How much heat are you talking about? While wood is not considered a good
insulator, it will block heat and if not vented properly cause quite a
buildup. More of a design consideration that a material choice.
Its actually going to house a PC.
The design currently has 2 intake fans on the side, 2 outs on th other
side and a blow hole on the top. DVD etc drives will be mounted
externally. The primary objective is to keep the cpu cool, I figured if
I could prevent the wood from retaining heat that would help drop the
inside temperature. Using persex in the same configuration, the internal
temp is about 31c, the cpu temp 47-55c. With the new setup I want to
reduce the cpu temperature to below 45c.
A fellow on tv last evening was building a PC to go into a Hummer. He had
vibration to deal with, but also a big heat load, since his customer lives
in the desert of the western US. He was using a heat transfer system with
a radiator not unlike an air conditioning system would use.

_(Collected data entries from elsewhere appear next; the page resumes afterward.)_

(* Let I be a set of size 2^kappa and consider the points of {0,1}^I with at
   most kappa nonzero coordinates, i.e. the subsets of I of size <= kappa,
   topologised by the cylinders fixing <= kappa coordinates.  There are
   (2^kappa)^kappa = 2^kappa points, the cylinders are clopen, and a point
   can be modified at a coordinate outside any given cylinder support since
   |I| > kappa.  A decreasing kappa-sequence of cylinders has pairwise
   compatible centres, which glue to one point; the union of the kappa
   supports has size kappa * kappa = kappa, so the glued cylinder lies in the
   intersection.  The identity kappa * kappa = kappa for an infinite initial
   ordinal is Hessenberg's theorem, proved by transfinite recursion along
   Goedel's well-ordering of pairs. *)

Definition semiconnex (X : Type) (R : X -> X -> Prop) :=
  forall x y, x <> y -> R x y \/ R y x.

Lemma card_le_inj_on T U (A : set T) (B : set U) (f : T -> U) :
  set_fun A B f -> {in A &, injective f} -> A #<= B.
Proof.
move=> fAB finj; have : $|{injfun A >-> B}| by apply/injfunPex; exists f.
by case=> g; exact: inj_card_le.
Qed.

Lemma card_le_inj_onP T U (A : set T) (B : set U) (u0 : U) :
  A #<= B -> exists2 f : T -> U, set_fun A B f & {in A &, injective f}.
Proof.
pose UP : pointedType :=
  HB.pack U (gen_eqMixin U) (gen_choiceMixin U) (isPointed.Build U u0).
by move=> /(@pcard_leP _ UP) /injfunPex.
Qed.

PC gamers are always looking for ways to make their systems run faster,
cooler and more reliably. Since they often bump the clock rates for
additional performance, they follow the latest cooling techniques. Check
out some of the web sites catering to their needs, and see if you can find
some ideas there.
The choice of wood is the least of your problems. I'd use walnut, because
I like the way it looks, and I have a bunch of it.
For those are really worried about CPU heat, for get fans. I suggest
liquid cooling. Anyone with a spare $5150 for a computer might try the
Voodoo f:5 Rage:
No fans at all. I have no idea how it would deal with vibration, but
I'd bet the company would work something out.
Water cooling is a little too expensive really, it wouldbe nice, But I
dont want to rely on it. If the pump should fail, not only do you have
fried componants, but the heat increase would likely cause the water to
expand and leak from the pipes resulting in some nasty electrical stuffs ;P
Ill be using 5 case fans with automatic controlling units and advanced
cpu heatsinks, ram/chip coolers etc etc, but I wanted to make sure I
covered everything :P
I have plans to build a mockup and chuck a smoke bomb in to check the
thermodynamics. I was just concerned incase the wood insulated the heat
and increase the internal temperature. The reason I ask about woods, is
that I would assume softwood, being less dense, would insult the heat
better than hardwood, and you, being the woodworking people ;), are the
best people to ask :D
Wood never insulted nobody... :)
There's virtually no difference in heat transfer characteristics by
species, and certainly not enough in the type of application you're
looking at to be worth worrying about.
I don't think Voodoo uses water. And I haven't heard any rumors about
pump failure or other problems. They don't even use CPU fans. But,
you're right, it is pricey as all get out.
I don't know if a smoke bomb would check thermodynamics, but you should
get a good idea of air flow that way. I'd try that, and I'd see about
getting a small electric heater inside the mock-up (outdoors, of
course) to raise the temperature a bit. Find an old metal case to
check. Then check the wood case mock up. With good air flow and a
potful of fans, you should be OK.
I'm sure that the difference of heat transmission between wood species
is measureable, for someone with some fancy equipment. for practical
purposes, consider all wood to be an insulator. as long as you get
good airflow through the case you should be fine.
In the olds days(1950,s and early 60's ) the high-end hi fi makers used
cherry,my dad still has one in his living room (a 245watt amp and turner).
just make sure you put in ventilation and a brushless fan.
I can advise you or give you advice. Which would you prefer? ;)
ALL wood insulates well. The fix is to add acouplethree 2"
diameter holes in the back of the unit both top and bottom.
This lets hot air out the top and cool air in the bottom,
cooling the unit. Most entertainment centers have this.
Don't stain it. Use red wood, like padauk, purpleheart or jarrah.
All are fairly hard and dense. Use www.woodfinder.com to search
for these woods in your area.
All finish will add some insulative properties but finishes both
inside and out are a necessity. With the air holes, you're covered.